Earth Predators

by Joshua Karliner

Dollars and Sense magazine, July / August 1998


Transnational corporations are the dominant institutions of our time -far exceeding most governments in power and scope. Corporations are driving the process of economic globalization, creating a legal framework of treaties which institutionalizes their growing political and economic dominance over the planet, undermining democracy and ecological sustainability. Indeed, we are living in an era of what Ralph Nader calls corporate supremacy.

Consider the following: the combined revenues of just General Motors and Ford-the two largest automobile corporations in the world-exceed the combined Gross Domestic Product (GDP) for all of sub-Saharan Africa. Overall, 51 of the largest 100 economies in the world are corporations.

Described by the United Nations as "the productive core of the globalizing world economy," transnational corporations and their affiliates account for most of the world's industrial capacity, technological knowledge, and international financial transactions. They mine, refine, and distribute most of the world's oil, gasoline, diesel, and jet fuel. They build most of the world's oil, coal, gas, hydroelectric, and nuclear power plants. They extract most of the world's minerals from the ground. They manufacture and sell most of the world's automobiles, airplanes, communications satellites, computers, home electronics, chemicals, medicines, and biotechnology products. They harvest much of the world's wood and many of the world's agricultural crops, while processing and distributing much of its food. Seventy percent of world trade involves more than 40,000 transnationals, though only a few hundred giant corporations control the lion's share of this activity.

Given their penchant for dominating politics, economics, and technology, it is not surprising to find the big transnationals deeply involved in most of the world's serious environmental crises. And by promoting corporate expansion to all ends of the earth, the process of globalization is only deepening the crisis. for instance:

* The widening investment opportunities generated by international agreements such as GATT and NAFTA allow corporations to play investment-hungry countries off against one another, thus engendering a "race to the bottom" for environmental standards.

* Instead of reversing the use of fossil fuels in the first world, corporations are expanding the production of fossil-fuel burning automobiles across Asia and Latin America. This increases the carbon dioxide load in the atmosphere, thus potentially increasing the severity of global warming.

* The globalization of the chlorine industry is increasing the levels in the environment of persistent pollutants such as dioxin-responsible for birth defects, cancers, and endocrine disorders.

Globalization is a double-edged sword: As multinationals and liberalized treaties promote the expansion of environmentally hazardous activity around the world, this expansion undermines environmental controls on corporations here a home. So what were once viewed as local problems in any part of the planet, are increasingly becoming drawn into a global dynamic.

The environmental movement emerged over the years in large part in response to corporate-generated problems. In many cases, environmentalists' tactics have reined in the worst abuses. For instance, corporations in the United States can no longer legally dump toxic waste into rivers, lakes, and oceans. In many other cases, environmentalists have failed; corporations now bum toxic waste in incinerators, releasing deadly dioxin.

In turn, corporations' response to the environmental movement is varied, cleaning up their act in certain instances, and picking up and exporting their destructive activity to the Third World in others. A company like Ford, prohibited from dumping its waste in a U.S. river, moves its operations to Mexico. And those corporate-created international trade and investment agreements undermine the tools environmentalists use to rein them in. A recent case in point: the World Trade Organization just overturned the U.S. ban on importing shrimp harvested in a way harmful to endangered sea turtles.
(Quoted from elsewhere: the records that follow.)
(* Let $s,t,q,N$ be integers with $0\le s<q$, $1\le t<q$, $N\ge0$, $t\nmid q$ and $\gcd(t,q)=1$. Write $q=\overline qt+\widehat q$ ($1\le\widehat q<t$), $s=\overline st+\widehat s$ ($0\le\widehat s<t$). Let $S^-(s,t,q,N)=\sum_{k=0}^N\lfloor(s-kt)/q\rfloor$, $M=-\lfloor(s-Nt)/q\rfloor$, $x_M=(s+(M-1)q)/t$ and $S=-\overline q\frac{(M-1)M}2-M(N-\lfloor x_M\rfloor)$. Let $H=\{k\in\mathbb N:(\widehat s+k\widehat q)\bmod t<\widehat q\}$, $J=H\cap\{0,\dots,t-1\}=\{j_0<\dots<j_{\widehat q-1}\}$, and $S_K=\sum_{k\in K}k$. Then: (a) if $j_0\ge M$, $S^-(s,t,q,N)=S$; (b.1) if $j_0<M\le j_{\widehat q-1}$, $S^-(s,t,q,N)=S-S_K$ with $K=H\cap\{0,\dots,M-1\}$; (b.2) if $j_{\widehat q-1}<M$ and $j_0+t\ge M$, $S^-(s,t,q,N)=S-S_J$; (b.3) if $j_{\widehat q-1}<M$ and $j_0+t<M$, with $u=\lfloor(M-1)/t\rfloor$ and $K=H\cap\{ut,\dots,M-1\}$, $S^-(s,t,q,N)=S-uS_J-\widehat q\,t\frac{(u-1)u}2-S_K$.
   Context: Here $r\bmod t$ denotes the representative of $r$ in $\{0,\dots,t-1\}$. *)

From HB Require Import structures.
From mathcomp Require Import all_boot all_order all_algebra.
Set Implicit Arguments. Unset Strict Implicit. Unset Printing Implicit Defensive.
Import Order.TTheory GRing.Theory Num.Theory.
Local Open Scope ring_scope.

(* For d > 0, (m %/ d)%Z is the floor of m/d and (m %% d)%Z is in [0, d). *)

Definition Sminus (s t q N : int) : int :=
  \sum_(0 <= k < (absz N).+1) ((s - (k%:Z) * t) %/ q)%Z.

Definition Mval (s t q N : int) : int := - ((s - N * t) %/ q)%Z.

Definition qbar (t q : int) : int := (q %/ t)%Z.
Definition qhat (t q : int) : int := (q %% t)%Z.
Definition shat (s t : int) : int := (s %% t)%Z.

Definition floor_xM (s t q M : int) : int := ((s + (M - 1) * q) %/ t)%Z.

(* S = - qbar (M-1)M/2 - M (N - floor x_M)   ((M-1)M is even) *)
Definition Sval (s t q N : int) : int :=
  let M := Mval s t q N in
  - qbar t q * (((M - 1) * M) %/ 2)%Z - M * (N - floor_xM s t q M).

Definition inH (s t q : int) (k : nat) : bool :=
  ((shat s t + k%:Z * qhat t q) %% t)%Z < qhat t q.

Definition Jseq (s t q : int) : seq nat :=
  [seq j <- iota 0 (absz t) | inH s t q j].

Definition jj (s t q : int) (i : nat) : nat := nth 0%N (Jseq s t q) i.

Definition SJ (s t q : int) : int := \sum_(j <- Jseq s t q) (j%:Z).

Definition SK (s t q : int) (a b : nat) : int :=
  \sum_(a <= k < b | inH s t q k) (k%:Z).

From HB Require Import structures.
From mathcomp Require Import all_boot all_order all_algebra.
From mathcomp Require Import zify ring.
Import Order.TTheory GRing.Theory Num.Theory.
Local Open Scope ring_scope.

(* Put F(i) = floor((s + i q) / t). Since t < q, M(k) = - floor((s - k t) / q)
   grows by at most one when k increases, and it jumps exactly when
   k = F(M(k)); hence S^-(s,t,q,N) = sum_(i < M) F(i) - M N. The increments
   F(i+1) - F(i) = qbar + [i+1 \in H] turn this, after summation by parts,
   into S^- = S - S_K with K = H \cap [0, M). The four cases then only describe
   H \cap [0, M): H is t-periodic, and as gcd(t, q) = 1 the map k |-> s + k q
   permutes the residues mod t, so each period contains exactly qhat elements
   of H, the first one j_0 and the last one j_(qhat-1). *)

Lemma ltn_modnD_carry (r b d : nat) : (r < d)%N -> (b < d)%N ->
  ((r + b) %% d < b)%N = (d <= r + b)%N.
Proof.
move=> rd bd; have [le_d|lt_d] := leqP d (r + b).
- by rewrite -(subnK le_d) modnDr modn_small; lia.
- by rewrite modn_small // ltnNge leq_addl.
Qed.

Lemma mul_bin2 (m : nat) : ('C(m, 2) * 2 = m * m.-1)%N.
Proof. by rewrite bin2 muln2 halfK oddM; case: m => //= m; rewrite andNb subn0. Qed.

Lemma count_affine_modn_lt (n a b c : nat) : coprime n b -> (c <= n)%N ->
  count (fun k => (a + k * b) %% n < c)%N (iota 0 n) = c.
Proof.
move=> cop le_cn; pose f k := ((a + k * b) %% n)%N.
have f_inj : {in iota 0 n &, injective f}.
  suff f_mono : forall i j, (j < n)%N -> (i <= j)%N -> f i = f j -> i = j.
    move=> i j; rewrite !mem_iota !add0n => /andP[_ lt_in] /andP[_ lt_jn] fij.
    by have [/f_mono|/ltnW/f_mono] := leqP i j; [apply | move/(_ lt_in (esym fij))].
  move=> i j lt_jn le_ij /eqP; rewrite eq_sym eqn_modDl eqn_mod_dvd ?leq_mul2r ?le_ij ?orbT //.
  rewrite -mulnBl Gauss_dvdl // /dvdn modn_small; last by lia.
  by rewrite subn_eq0 => le_ji; apply/eqP; rewrite eqn_leq le_ij.
have f_perm : perm_eq (map f (iota 0 n)) (iota 0 n).
  apply: uniq_perm; rewrite ?map_inj_in_uniq ?iota_uniq //.
  apply: (uniq_min_size _ _ _).2; rewrite ?map_inj_in_uniq ?iota_uniq ?size_map //.
  move=> x /mapP[k]; rewrite mem_iota add0n => /andP[_ lt_kn] ->.
  by rewrite mem_iota add0n ltn_pmod //; apply: leq_ltn_trans lt_kn.
rewrite -[LHS](count_map f (fun i => i < c)%N) (permP f_perm).
by rewrite -size_filter (filter_iota_ltn 0) // size_iota.
Qed.

Section FloorSums.

Variables s t q : nat.
Hypothesis t_gt0 : (0 < t)%N.

(* [floor_x i] is floor(x_(i+1)) in the notation of the statement. *)
Definition floor_x (i : nat) : nat := (s + i * q) %/ t.

Lemma inH_natE (k : nat) : inH s t q k = ((s + k * q) %% t < q %% t)%N.
Proof.
rewrite /inH /shat /qhat !modz_nat ltz_nat.
by rewrite modnDml -modnDmr modnMmr modnDmr.
Qed.

Lemma floor_x_succ (k : nat) :
  floor_x k.+1 = (floor_x k + q %/ t + inH s t q k.+1)%N.
Proof.
rewrite /floor_x inH_natE mulSnr addnA divnD // -[in RHS]modnDm.
by rewrite ltn_modnD_carry ?ltn_pmod.
Qed.

Lemma sum_floor_x (m : nat) :
  (\sum_(0 <= i < m) floor_x i + q %/ t * 'C(m, 2)
     + \sum_(0 <= i < m | inH s t q i) i = m * floor_x m.-1)%N.
Proof.
elim: m => [|m IH]; first by rewrite !big_geq //= muln0.
rewrite [X in (_ + X)%N]big_mkcond /= !big_nat_recr //= -big_mkcond /=.
rewrite binS bin1 mulnDr.
have step : (m * floor_x m = m * (floor_x m.-1 + q %/ t + inH s t q m))%N.
  by case: m {IH} => // m; rewrite floor_x_succ.
case: (inH s t q m) step; lia.
Qed.

End FloorSums.

Lemma divz_unique (a z d : int) : 0 < d -> z * d <= a < z * d + d -> (a %/ d)%Z = z.
Proof.
move=> d_gt0 /andP[lo hi]; have -> : a = z * d + (a - z * d) by ring.
by rewrite divzMDl ?gt_eqF // divz_small ?addr0 //; apply/andP; split; lia.
Qed.

Lemma divz_bin2 (m : nat) : (((m%:Z - 1) * m%:Z) %/ 2)%Z = 'C(m, 2)%:Z.
Proof.
have -> : (m%:Z - 1) * m%:Z = ('C(m, 2) * 2)%N.
  by rewrite mul_bin2; case: m => // m; rewrite PoszM mulrC /=; congr (_ * _); lia.
by rewrite PoszM mulzK.
Qed.

Lemma Mval_ge0 (s t q n : nat) : (s < q)%N -> 0 <= Mval s t q n.
Proof. by move=> s_lt_q; rewrite /Mval oppr_ge0 -ltzD1 ltz_divLR; lia. Qed.

Lemma Mval_nat (s t q n : nat) : (s < q)%N -> exists m : nat, Mval s t q n = m.
Proof. by move=> s_lt_q; exists `|Mval s t q n|%N; rewrite abszE ger0_norm // Mval_ge0. Qed.

Section LatticeCount.

Variables s t q : nat.
Hypotheses (s_lt_q : (s < q)%N) (t_gt0 : (0 < t)%N) (t_lt_q : (t < q)%N).

Lemma Mval_succ (n : nat) :
  Mval s t q n.+1 = Mval s t q n \/
  Mval s t q n.+1 = Mval s t q n + 1 /\ floor_x s t q (absz (Mval s t q n)) = n.
Proof.
have q_gt0 : 0 < q%:Z by lia.
have := Mval_ge0 s t q n s_lt_q; rewrite /Mval.
have -> : s%:Z - n.+1%:Z * t%:Z = (s%:Z - n%:Z * t%:Z) - t%:Z by lia.
set a := s%:Z - n%:Z * t%:Z; set z := (a %/ q)%Z; set z' := ((a - t%:Z) %/ q)%Z => z_le0.
have le_z'z : z' <= z by apply: lez_pdiv2r; lia.
have le_zz' : z - 1 <= z'.
  have -> : z - 1 = (((- 1) * q%:Z + a) %/ q)%Z by rewrite divzMDl ?gt_eqF //; ring.
  by apply: lez_pdiv2r; lia.
have [->|ne_z'z] := eqVneq z' z; [by left | right; have ez' : z' = z - 1 by lia].
split; first by rewrite ez'; ring.
have za := lez_floor a (lt0r_neq0 q_gt0); have az := ltz_ceil (a - t%:Z) q_gt0.
rewrite -/z -/z' ez' subrK in za az.
apply/eqP; rewrite -eqz_nat /floor_x -divz_nat PoszD PoszM.
rewrite (@divz_unique _ n) // abszE ger0_norm //; rewrite /a in za az; lia.
Qed.

Lemma Sminus_lattice (n : nat) :
  Sminus s t q n =
  \sum_(0 <= i < absz (Mval s t q n)) (floor_x s t q i)%:Z - Mval s t q n * n%:Z.
Proof.
elim: n => [|n IH].
  have -> : Mval s t q 0 = 0 by rewrite /Mval mul0r subr0 divz_small ?oppr0 //; lia.
  by rewrite /Sminus /= big_nat1 mul0r subr0 divz_small ?big_geq ?subr0 //; lia.
have -> : Sminus s t q n.+1 = Sminus s t q n - Mval s t q n.+1.
  by rewrite /Sminus /= big_nat_recr //= /Mval opprK.
have [m eM] := Mval_nat s t q n s_lt_q.
rewrite IH; case: (Mval_succ n) => [->|[-> F_M]]; rewrite eM.
  by rewrite -[n.+1]addn1 PoszD; ring.
rewrite eM /= in F_M.
by rewrite -PoszD addn1 /= big_nat_recr //= F_M -[n.+1]addn1 !PoszD; ring.
Qed.

Lemma floor_xM_succ (m : nat) : floor_xM s t q m.+1 = floor_x s t q m.
Proof. by rewrite /floor_xM /floor_x -divz_nat PoszD PoszM -addn1 PoszD addrK. Qed.

Lemma Sminus_SK (n : nat) :
  Sminus s t q n = Sval s t q n - SK s t q 0 (absz (Mval s t q n)).
Proof.
have [m eM] := Mval_nat s t q n s_lt_q.
have sum_int := congr1 Posz (@sum_floor_x s t q t_gt0 m).
rewrite !PoszD !PoszM !(big_morph Posz PoszD (erefl (0 : int))) in sum_int.
rewrite Sminus_lattice /Sval /SK /qbar eM /= divz_bin2 divz_nat.
have -> : m%:Z * (n%:Z - floor_xM s t q m) = m%:Z * n%:Z - m%:Z * floor_x s t q m.-1.
  by case: m {eM sum_int} => [|m]; rewrite ?mul0r ?subr0 // floor_xM_succ mulrBr.
rewrite -sum_int; ring.
Qed.

End LatticeCount.

Lemma sorted_nth0_le (r : seq nat) (x : nat) :
  sorted leq r -> x \in r -> (nth 0 r 0 <= x)%N.
Proof.
move=> r_sorted x_in; rewrite -(nth_index 0 x_in).
have idx_lt : (index x r < size r)%N by rewrite index_mem.
by apply: (sorted_leq_nth leq_trans leqnn) => //; rewrite inE //; apply: leq_ltn_trans idx_lt.
Qed.

Lemma sorted_le_nth_last (r : seq nat) (x : nat) :
  sorted leq r -> x \in r -> (x <= nth 0 r (size r).-1)%N.
Proof.
move=> r_sorted x_in; rewrite -{1}(nth_index 0 x_in).
have idx_lt : (index x r < size r)%N by rewrite index_mem.
have r_pos : (0 < size r)%N by apply: leq_ltn_trans idx_lt.
apply: (sorted_leq_nth leq_trans leqnn) => //; rewrite ?inE ?ltn_predL //.
by rewrite -ltnS prednK.
Qed.

Section PeriodicSet.

Variables s t q : nat.
Hypotheses (t_gt0 : (0 < t)%N) (coprime_tq : coprime t q).

Lemma inH_addn_mul (k c : nat) : inH s t q (k + c * t) = inH s t q k.
Proof.
rewrite !inH_natE; have -> : (s + (k + c * t) * q = c * q * t + (s + k * q))%N by ring.
by rewrite modnMDl.
Qed.

Lemma mem_Jseq (k : nat) : (k \in Jseq s t q) = (k < t)%N && inH s t q k.
Proof. by rewrite mem_filter mem_iota andbC. Qed.

Lemma Jseq_sorted : sorted leq (Jseq s t q).
Proof. exact/sorted_filter/iota_sorted/leq_trans. Qed.

Lemma size_Jseq : size (Jseq s t q) = (q %% t)%N.
Proof.
rewrite size_filter (eq_count (a2 := fun k => (s + k * q) %% t < q %% t)%N) /=.
  by rewrite count_affine_modn_lt // ltnW // ltn_pmod.
by move=> k; rewrite inH_natE.
Qed.

Lemma jj0_le_inH (k : nat) : inH s t q k -> (jj s t q 0 <= k)%N.
Proof.
move=> k_in; apply: leq_trans (leq_mod k t).
apply: sorted_nth0_le Jseq_sorted _.
by rewrite mem_Jseq ltn_pmod //= -(inH_addn_mul _ (k %/ t)) addnC -divn_eq.
Qed.

Lemma SK_cat (a b c : nat) : (a <= b <= c)%N -> SK s t q a c = SK s t q a b + SK s t q b c.
Proof. by move=> /andP[ab bc]; rewrite /SK (big_cat_nat ab bc). Qed.

Lemma SK_eq0 (a b : nat) : (forall k, (a <= k < b)%N -> ~~ inH s t q k) -> SK s t q a b = 0.
Proof. by move=> notH; rewrite /SK big_nat_cond big1 // => k /andP[/notH/negbTE->]. Qed.

Lemma SJ_SK : SJ s t q = SK s t q 0 t.
Proof. by rewrite /SJ /SK big_filter /index_iota subn0. Qed.

Lemma SK_period (c : nat) :
  SK s t q (c * t) (c * t + t) = SJ s t q + (c * t)%:Z * qhat t q.
Proof.
rewrite [(c * t + t)%N]addnC -{1}[(c * t)%N]add0n /SK big_addn addnK.
under eq_bigl do rewrite inH_addn_mul.
under eq_bigr do rewrite PoszD.
rewrite big_split /= -/(SK s t q 0 t) -SJ_SK; congr (_ + _).
rewrite /index_iota subn0 big_const_seq iter_addr_0 -size_filter size_Jseq.
by rewrite /qhat modz_nat -mulr_natr natz.
Qed.

Lemma SK_periods (u : nat) :
  SK s t q 0 (u * t) = u%:Z * SJ s t q + qhat t q * t%:Z * 'C(u, 2)%:Z.
Proof.
elim: u => [|u IH]; first by rewrite SK_eq0 ?mul0r ?mulr0 ?addr0 // => k; rewrite mul0n ltn0 andbF.
rewrite mulSnr (@SK_cat 0 (u * t)) ?leq_addr // IH SK_period binS bin1.
rewrite -[u.+1]addn1 !PoszD PoszM; ring.
Qed.

Lemma SK_split_periods (u m : nat) : (u * t <= m)%N ->
  SK s t q 0 m = u%:Z * SJ s t q + qhat t q * t%:Z * 'C(u, 2)%:Z + SK s t q (u * t) m.
Proof. by move=> le_utm; rewrite (@SK_cat 0 (u * t)) ?le_utm // SK_periods. Qed.

Lemma SK_below_jj0 (m : nat) : (m <= jj s t q 0)%N -> SK s t q 0 m = 0.
Proof.
move=> le_m; apply: SK_eq0 => k /andP[_ lt_km]; apply/negP.
by move=> /jj0_le_inH /(leq_trans le_m); rewrite leqNgt lt_km.
Qed.

Lemma SK_eq_SJ (m : nat) :
  (jj s t q (size (Jseq s t q)).-1 < m)%N -> (m <= jj s t q 0 + t)%N -> SK s t q 0 m = SJ s t q.
Proof.
move=> lt_jl_m le_m; rewrite SJ_SK.
have [le_mt|lt_tm] := leqP m t.
  rewrite (@SK_cat 0 m t) ?le_mt // [SK _ _ _ m t]SK_eq0 ?addr0 //.
  move=> k /andP[le_mk lt_kt]; apply/negP => k_in.
  have : k \in Jseq s t q by rewrite mem_Jseq lt_kt.
  move/(@sorted_le_nth_last _ _ Jseq_sorted)/(leq_trans le_mk).
  by rewrite leqNgt lt_jl_m.
rewrite (@SK_cat 0 t m) ?(ltnW lt_tm) // [SK _ _ _ t m]SK_eq0 ?addr0 //.
move=> k /andP[le_tk lt_km]; apply/negP.
rewrite -(subnK le_tk) -[t in (_ + t)%N]mul1n inH_addn_mul => /jj0_le_inH.
by rewrite leq_subRL // addnC => /(leq_trans le_m); rewrite leqNgt lt_km.
Qed.

End PeriodicSet.

Theorem theorem12 (s t q N : int)
  (hs0 : 0 <= s) (hsq : s < q) (ht1 : 1 <= t) (htq : t < q) (hN : 0 <= N)
  (hndvd : ~~ (t %| q)%Z) (hgcd : gcdz t q = 1) :
  let M := Mval s t q N in
  let S := Sval s t q N in
  let qh := qhat t q in
  let j0 := jj s t q 0 in
  let jl := jj s t q (absz qh).-1 in
  [/\ (M <= j0%:Z -> Sminus s t q N = S),
      (j0%:Z < M -> M <= jl%:Z ->
         Sminus s t q N = S - SK s t q 0 (absz M)),
      (jl%:Z < M -> M <= j0%:Z + t ->
         Sminus s t q N = S - SJ s t q) &
      (jl%:Z < M -> j0%:Z + t < M ->
         let u := ((M - 1) %/ t)%Z in
         Sminus s t q N =
           S - u * SJ s t q - qh * t * (((u - 1) * u) %/ 2)%Z
             - SK s t q (absz (u * t)) (absz M))].
Proof.
(* [hndvd] only makes J nonempty; the identities hold without it. *)
case: s hs0 hsq => // s _ hsq; case: t ht1 htq hgcd {hndvd} => // t ht1 htq hgcd.
case: q hsq htq hgcd => // q hsq htq hgcd; case: N hN => // n _.
rewrite !ltz_nat in hsq htq; have t_gt0 : (0 < t)%N by move: ht1; rewrite lez_nat.
have coprime_tq : coprime t q by apply/eqP; move: hgcd => [].
have [m eM] := Mval_nat s t q n hsq.
have key := Sminus_SK s t q hsq t_gt0 htq n.
rewrite eM /= in key; move=> M S qh j0 jl; rewrite {}/M {}/S {}/j0 {}/jl eM.
have -> : `|qh|%N = size (Jseq s t q) by rewrite /qh /qhat modz_nat size_Jseq.
rewrite !lez_nat !ltz_nat; split.
- by move=> le_m; rewrite key SK_below_jj0 ?subr0.
- by move=> _ _; rewrite key.
- by move=> lt_jl_m le_m; rewrite key SK_eq_SJ.
- move=> _ lt_m; have -> : ((m%:Z - 1) %/ t)%Z = (m.-1 %/ t)%N.
    by rewrite -divz_nat; congr (_ %/ _)%Z; lia.
  have le_um : (m.-1 %/ t * t <= m)%N by apply: leq_trans (leq_trunc_div _ _) (leq_pred _).
  rewrite key -PoszM /= divz_bin2 (SK_split_periods s t q t_gt0 coprime_tq _ _ le_um).
  by rewrite /qh; ring.
Qed.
Given the global nature of the problem, global solutions are necessary. We can no longer afford merely to heed the old 1960s slogan, "think global, act local." Rather, the paradox and the challenge of our time is to develop ways of thinking and acting both locally and globally simultaneously. Similarly, environmentalists will not win the battle to save the environment on their own.

The good news is that a process of grassroots globalization is taking shape. It is an increasingly vibrant web of communities, social movements, labor unions, indigenous peoples, environmental groups, consumer activists, lawyers, artists, elected representatives, and many more who are working not only to demand, but to begin to define and build movements for social and environmental justice across borders, and across what often have been divisions amongst us.


Joshua Karliner is author of The Corporate Planet: Ecology and Politics in the Age of Globalization (Sierra Club Books, 1997J. He is director of TRAC-The Transnational Resource & Action Center and editorial coordinator of Corporate Watch ( in San Francisco.